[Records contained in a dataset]
........
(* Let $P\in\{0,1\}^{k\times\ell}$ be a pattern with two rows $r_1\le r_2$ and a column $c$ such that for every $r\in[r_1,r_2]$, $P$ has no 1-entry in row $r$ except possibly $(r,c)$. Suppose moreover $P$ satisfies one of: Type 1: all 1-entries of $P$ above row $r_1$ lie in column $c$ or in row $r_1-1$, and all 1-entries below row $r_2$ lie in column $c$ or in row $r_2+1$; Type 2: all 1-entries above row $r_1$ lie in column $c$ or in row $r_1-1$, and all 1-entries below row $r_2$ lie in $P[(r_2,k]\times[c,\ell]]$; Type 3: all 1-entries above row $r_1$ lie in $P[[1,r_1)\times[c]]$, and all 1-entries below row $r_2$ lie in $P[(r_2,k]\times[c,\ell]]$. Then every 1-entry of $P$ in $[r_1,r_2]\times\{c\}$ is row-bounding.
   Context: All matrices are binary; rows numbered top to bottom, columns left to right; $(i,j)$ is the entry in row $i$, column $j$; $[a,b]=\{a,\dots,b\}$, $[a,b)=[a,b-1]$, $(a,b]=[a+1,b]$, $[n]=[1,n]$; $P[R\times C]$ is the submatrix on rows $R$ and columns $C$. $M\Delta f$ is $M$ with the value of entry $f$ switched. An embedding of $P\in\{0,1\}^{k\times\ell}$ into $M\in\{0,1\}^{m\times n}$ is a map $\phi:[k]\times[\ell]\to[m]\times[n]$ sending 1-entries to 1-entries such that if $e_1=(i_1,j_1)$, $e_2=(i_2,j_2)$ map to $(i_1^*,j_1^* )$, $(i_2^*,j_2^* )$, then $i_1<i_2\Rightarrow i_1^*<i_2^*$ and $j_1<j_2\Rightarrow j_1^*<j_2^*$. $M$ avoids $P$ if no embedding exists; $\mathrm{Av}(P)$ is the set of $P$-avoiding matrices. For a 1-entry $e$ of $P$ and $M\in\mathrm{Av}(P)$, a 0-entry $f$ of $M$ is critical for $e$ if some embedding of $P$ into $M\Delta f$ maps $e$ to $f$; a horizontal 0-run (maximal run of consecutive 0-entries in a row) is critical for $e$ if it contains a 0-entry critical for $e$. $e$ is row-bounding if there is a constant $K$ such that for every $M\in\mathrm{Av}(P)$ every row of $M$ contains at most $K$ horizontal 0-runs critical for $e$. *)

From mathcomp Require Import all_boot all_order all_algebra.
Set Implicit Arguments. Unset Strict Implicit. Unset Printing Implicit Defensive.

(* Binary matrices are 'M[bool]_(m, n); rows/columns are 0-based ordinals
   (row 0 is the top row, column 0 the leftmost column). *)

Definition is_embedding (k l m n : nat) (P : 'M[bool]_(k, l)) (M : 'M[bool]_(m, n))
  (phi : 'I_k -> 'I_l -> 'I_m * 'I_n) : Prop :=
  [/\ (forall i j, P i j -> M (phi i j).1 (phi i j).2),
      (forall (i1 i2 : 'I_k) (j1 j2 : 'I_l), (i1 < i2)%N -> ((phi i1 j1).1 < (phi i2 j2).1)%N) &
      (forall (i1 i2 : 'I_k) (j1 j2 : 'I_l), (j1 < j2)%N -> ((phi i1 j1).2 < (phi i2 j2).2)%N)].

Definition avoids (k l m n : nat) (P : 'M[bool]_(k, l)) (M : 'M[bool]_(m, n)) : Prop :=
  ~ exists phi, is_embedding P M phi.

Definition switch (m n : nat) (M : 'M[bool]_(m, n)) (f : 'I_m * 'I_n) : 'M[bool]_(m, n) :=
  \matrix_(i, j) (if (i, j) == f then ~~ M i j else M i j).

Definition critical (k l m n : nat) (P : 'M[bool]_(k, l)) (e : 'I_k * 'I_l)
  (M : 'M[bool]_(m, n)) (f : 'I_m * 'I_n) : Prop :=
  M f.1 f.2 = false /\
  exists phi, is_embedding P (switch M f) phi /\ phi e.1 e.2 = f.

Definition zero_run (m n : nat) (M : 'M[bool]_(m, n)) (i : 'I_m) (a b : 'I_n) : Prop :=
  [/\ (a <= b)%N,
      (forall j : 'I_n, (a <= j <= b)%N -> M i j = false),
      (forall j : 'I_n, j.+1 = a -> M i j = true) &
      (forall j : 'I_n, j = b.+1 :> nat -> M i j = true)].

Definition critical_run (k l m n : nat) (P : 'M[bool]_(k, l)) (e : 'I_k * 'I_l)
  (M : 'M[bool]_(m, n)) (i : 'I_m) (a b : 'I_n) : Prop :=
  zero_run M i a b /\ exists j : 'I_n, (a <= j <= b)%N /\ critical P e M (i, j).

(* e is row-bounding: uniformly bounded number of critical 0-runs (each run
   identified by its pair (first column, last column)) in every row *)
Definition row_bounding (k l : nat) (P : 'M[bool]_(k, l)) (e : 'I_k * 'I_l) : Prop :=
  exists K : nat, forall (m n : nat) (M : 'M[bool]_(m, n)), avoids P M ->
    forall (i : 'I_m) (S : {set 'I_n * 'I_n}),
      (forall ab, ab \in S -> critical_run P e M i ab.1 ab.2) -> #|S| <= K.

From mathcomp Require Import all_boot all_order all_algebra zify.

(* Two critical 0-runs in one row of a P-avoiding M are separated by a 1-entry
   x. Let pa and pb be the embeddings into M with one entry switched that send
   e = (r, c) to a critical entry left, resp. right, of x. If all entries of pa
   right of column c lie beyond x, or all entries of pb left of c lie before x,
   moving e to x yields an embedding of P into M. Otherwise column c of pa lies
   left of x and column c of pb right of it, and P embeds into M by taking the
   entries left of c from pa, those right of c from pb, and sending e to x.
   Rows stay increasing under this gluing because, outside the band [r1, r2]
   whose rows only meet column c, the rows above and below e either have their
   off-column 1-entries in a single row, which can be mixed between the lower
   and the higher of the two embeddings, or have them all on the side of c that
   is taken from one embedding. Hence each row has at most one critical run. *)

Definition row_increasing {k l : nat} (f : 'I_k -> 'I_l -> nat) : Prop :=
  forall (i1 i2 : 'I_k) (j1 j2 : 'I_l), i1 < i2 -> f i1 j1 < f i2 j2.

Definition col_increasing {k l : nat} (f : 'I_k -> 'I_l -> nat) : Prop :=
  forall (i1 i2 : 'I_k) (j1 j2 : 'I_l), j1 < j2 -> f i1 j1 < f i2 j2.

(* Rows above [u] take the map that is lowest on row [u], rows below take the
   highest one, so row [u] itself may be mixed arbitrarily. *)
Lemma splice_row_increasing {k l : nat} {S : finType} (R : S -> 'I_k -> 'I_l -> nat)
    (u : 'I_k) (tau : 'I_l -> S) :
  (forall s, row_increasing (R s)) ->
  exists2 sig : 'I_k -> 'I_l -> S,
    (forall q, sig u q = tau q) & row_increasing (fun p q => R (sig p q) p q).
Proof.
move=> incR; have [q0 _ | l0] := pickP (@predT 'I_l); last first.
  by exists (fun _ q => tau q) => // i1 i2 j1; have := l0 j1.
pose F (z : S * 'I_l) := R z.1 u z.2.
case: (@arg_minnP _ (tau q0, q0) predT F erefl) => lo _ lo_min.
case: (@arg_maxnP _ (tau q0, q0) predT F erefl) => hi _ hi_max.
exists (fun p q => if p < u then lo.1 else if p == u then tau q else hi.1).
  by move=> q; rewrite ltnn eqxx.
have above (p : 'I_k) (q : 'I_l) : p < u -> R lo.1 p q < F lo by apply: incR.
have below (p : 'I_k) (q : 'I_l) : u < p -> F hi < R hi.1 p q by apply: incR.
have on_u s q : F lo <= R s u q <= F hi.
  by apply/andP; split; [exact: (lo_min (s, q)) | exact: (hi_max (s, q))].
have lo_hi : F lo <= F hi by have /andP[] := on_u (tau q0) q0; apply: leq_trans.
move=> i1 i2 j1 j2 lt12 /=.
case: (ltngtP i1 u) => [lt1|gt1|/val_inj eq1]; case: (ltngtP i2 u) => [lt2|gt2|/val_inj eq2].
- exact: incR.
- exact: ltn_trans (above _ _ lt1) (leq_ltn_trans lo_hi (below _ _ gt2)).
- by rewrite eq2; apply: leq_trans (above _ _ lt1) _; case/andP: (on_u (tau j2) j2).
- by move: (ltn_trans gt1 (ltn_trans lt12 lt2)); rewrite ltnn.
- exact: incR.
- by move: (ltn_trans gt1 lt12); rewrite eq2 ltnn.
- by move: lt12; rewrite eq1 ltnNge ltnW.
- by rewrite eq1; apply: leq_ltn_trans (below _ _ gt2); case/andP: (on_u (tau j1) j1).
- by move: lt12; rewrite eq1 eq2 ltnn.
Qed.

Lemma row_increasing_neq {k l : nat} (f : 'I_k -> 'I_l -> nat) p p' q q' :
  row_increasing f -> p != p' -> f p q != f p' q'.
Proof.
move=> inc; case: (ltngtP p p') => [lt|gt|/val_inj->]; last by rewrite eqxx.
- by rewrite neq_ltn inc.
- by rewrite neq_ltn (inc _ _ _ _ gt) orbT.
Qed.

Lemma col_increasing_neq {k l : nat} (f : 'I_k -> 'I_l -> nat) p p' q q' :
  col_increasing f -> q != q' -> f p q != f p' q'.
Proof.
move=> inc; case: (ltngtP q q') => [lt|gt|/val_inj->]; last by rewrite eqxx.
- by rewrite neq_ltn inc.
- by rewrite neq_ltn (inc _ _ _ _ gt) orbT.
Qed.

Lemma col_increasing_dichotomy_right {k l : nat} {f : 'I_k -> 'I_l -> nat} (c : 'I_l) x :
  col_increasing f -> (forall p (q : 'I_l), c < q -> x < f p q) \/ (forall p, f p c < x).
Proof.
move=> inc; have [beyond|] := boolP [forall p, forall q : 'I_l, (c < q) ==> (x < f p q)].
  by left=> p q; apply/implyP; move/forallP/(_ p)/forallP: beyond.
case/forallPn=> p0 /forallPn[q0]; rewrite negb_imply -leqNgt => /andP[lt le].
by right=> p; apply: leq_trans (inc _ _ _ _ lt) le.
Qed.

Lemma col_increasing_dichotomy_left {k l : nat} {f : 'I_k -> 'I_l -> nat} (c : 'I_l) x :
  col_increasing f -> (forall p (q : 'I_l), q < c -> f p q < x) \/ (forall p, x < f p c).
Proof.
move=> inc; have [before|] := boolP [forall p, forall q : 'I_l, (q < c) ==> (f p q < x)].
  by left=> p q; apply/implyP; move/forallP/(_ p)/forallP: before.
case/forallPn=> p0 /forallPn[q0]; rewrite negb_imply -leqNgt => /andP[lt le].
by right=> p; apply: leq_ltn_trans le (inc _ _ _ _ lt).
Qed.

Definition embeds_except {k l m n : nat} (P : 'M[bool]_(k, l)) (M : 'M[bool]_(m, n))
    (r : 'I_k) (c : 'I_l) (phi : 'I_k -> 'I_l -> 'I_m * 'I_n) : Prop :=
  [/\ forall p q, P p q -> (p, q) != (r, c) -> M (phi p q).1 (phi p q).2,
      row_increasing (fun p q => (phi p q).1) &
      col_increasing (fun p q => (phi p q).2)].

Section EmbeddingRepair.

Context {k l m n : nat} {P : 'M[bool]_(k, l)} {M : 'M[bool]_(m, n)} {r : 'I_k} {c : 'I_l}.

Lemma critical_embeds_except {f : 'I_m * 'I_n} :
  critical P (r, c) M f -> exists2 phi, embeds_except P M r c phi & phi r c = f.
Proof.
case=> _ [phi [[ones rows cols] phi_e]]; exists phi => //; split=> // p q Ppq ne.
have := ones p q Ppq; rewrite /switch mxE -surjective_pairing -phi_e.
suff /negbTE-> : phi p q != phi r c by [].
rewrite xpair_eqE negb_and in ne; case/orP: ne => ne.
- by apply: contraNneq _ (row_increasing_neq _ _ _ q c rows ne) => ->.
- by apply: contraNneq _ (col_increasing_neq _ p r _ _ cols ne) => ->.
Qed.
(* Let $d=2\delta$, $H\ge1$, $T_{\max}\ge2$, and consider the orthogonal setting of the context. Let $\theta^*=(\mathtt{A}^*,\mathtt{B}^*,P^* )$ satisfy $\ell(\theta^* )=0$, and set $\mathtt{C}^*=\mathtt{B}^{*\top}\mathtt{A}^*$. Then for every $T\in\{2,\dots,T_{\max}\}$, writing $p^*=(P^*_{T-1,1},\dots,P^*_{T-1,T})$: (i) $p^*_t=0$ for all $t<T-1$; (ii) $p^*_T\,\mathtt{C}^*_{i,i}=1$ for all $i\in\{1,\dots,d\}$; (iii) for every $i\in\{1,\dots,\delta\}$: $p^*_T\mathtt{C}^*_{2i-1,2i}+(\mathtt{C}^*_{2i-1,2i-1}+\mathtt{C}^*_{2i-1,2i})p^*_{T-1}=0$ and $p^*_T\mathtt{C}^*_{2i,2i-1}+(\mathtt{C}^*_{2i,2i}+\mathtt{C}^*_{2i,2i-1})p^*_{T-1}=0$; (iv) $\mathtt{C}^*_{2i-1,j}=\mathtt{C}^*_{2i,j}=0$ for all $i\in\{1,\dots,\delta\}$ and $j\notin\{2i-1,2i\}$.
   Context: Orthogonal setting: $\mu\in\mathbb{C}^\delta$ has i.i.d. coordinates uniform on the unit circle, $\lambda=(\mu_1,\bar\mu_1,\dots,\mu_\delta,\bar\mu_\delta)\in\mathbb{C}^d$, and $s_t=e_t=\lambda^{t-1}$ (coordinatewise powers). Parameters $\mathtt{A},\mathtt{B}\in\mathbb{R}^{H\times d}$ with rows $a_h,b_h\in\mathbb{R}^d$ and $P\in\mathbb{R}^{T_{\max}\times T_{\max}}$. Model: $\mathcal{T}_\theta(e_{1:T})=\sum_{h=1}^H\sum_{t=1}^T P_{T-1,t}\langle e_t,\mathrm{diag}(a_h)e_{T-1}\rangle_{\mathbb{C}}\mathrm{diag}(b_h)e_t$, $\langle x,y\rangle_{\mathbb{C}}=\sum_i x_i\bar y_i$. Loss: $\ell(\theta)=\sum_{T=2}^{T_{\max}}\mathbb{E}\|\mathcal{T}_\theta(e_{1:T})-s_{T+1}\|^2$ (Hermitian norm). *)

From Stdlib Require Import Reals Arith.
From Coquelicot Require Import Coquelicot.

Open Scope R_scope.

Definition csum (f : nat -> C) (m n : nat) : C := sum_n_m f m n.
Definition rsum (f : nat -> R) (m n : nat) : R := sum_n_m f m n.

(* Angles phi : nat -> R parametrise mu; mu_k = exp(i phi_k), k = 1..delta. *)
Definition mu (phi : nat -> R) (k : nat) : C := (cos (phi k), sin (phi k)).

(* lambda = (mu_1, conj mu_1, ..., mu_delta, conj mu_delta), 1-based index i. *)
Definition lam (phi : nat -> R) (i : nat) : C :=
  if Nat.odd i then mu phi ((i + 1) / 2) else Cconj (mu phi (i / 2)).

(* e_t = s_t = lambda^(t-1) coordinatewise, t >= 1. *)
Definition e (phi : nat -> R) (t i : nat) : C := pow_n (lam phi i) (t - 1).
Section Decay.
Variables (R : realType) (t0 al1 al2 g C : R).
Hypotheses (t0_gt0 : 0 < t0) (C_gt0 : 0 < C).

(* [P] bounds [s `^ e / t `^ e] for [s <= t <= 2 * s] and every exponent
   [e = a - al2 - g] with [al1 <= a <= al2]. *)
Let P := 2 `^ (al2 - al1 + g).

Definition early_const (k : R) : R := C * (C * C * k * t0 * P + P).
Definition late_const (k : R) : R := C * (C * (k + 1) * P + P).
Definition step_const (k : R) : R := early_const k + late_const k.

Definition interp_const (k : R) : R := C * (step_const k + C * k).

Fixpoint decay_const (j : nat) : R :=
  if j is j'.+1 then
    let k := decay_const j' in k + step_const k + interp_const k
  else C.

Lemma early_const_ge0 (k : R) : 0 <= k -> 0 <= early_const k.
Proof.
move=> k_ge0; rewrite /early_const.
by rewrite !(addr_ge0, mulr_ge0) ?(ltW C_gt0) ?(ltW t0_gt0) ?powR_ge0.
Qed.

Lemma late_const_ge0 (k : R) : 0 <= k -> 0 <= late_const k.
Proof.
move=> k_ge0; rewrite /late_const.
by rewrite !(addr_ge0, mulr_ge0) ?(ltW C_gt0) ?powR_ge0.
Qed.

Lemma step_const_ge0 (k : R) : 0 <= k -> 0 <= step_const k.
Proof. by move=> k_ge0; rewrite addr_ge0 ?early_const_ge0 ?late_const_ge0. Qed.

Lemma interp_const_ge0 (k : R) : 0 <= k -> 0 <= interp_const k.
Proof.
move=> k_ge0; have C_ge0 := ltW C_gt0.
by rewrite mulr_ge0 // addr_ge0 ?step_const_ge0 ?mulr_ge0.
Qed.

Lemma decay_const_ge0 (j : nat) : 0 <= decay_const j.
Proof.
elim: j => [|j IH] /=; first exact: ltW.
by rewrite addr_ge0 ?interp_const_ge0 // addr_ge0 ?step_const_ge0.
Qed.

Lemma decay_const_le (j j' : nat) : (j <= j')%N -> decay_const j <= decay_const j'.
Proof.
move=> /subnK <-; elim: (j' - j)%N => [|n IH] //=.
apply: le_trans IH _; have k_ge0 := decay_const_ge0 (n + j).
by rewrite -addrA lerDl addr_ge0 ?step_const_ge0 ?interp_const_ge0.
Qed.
........
**Exercise brief**
Where the string "into" appears in a line of the entries above, return that line.

**Exercise solution**
   Context: All matrices are binary; rows numbered top to bottom, columns left to right; $(i,j)$ is the entry in row $i$, column $j$; $[a,b]=\{a,\dots,b\}$, $[a,b)=[a,b-1]$, $(a,b]=[a+1,b]$, $[n]=[1,n]$; $P[R\times C]$ is the submatrix on rows $R$ and columns $C$. $M\Delta f$ is $M$ with the value of entry $f$ switched. An embedding of $P\in\{0,1\}^{k\times\ell}$ into $M\in\{0,1\}^{m\times n}$ is a map $\phi:[k]\times[\ell]\to[m]\times[n]$ sending 1-entries to 1-entries such that if $e_1=(i_1,j_1)$, $e_2=(i_2,j_2)$ map to $(i_1^*,j_1^* )$, $(i_2^*,j_2^* )$, then $i_1<i_2\Rightarrow i_1^*<i_2^*$ and $j_1<j_2\Rightarrow j_1^*<j_2^*$. $M$ avoids $P$ if no embedding exists; $\mathrm{Av}(P)$ is the set of $P$-avoiding matrices. For a 1-entry $e$ of $P$ and $M\in\mathrm{Av}(P)$, a 0-entry $f$ of $M$ is critical for $e$ if some embedding of $P$ into $M\Delta f$ maps $e$ to $f$; a horizontal 0-run (maximal run of consecutive 0-entries in a row) is critical for $e$ if it contains a 0-entry critical for $e$. $e$ is row-bounding if there is a constant $K$ such that for every $M\in\mathrm{Av}(P)$ every row of $M$ contains at most $K$ horizontal 0-runs critical for $e$. *)
   x. Let pa and pb be the embeddings into M with one entry switched that send
   moving e to x yields an embedding of P into M. Otherwise column c of pa lies
   left of x and column c of pb right of it, and P embeds into M by taking the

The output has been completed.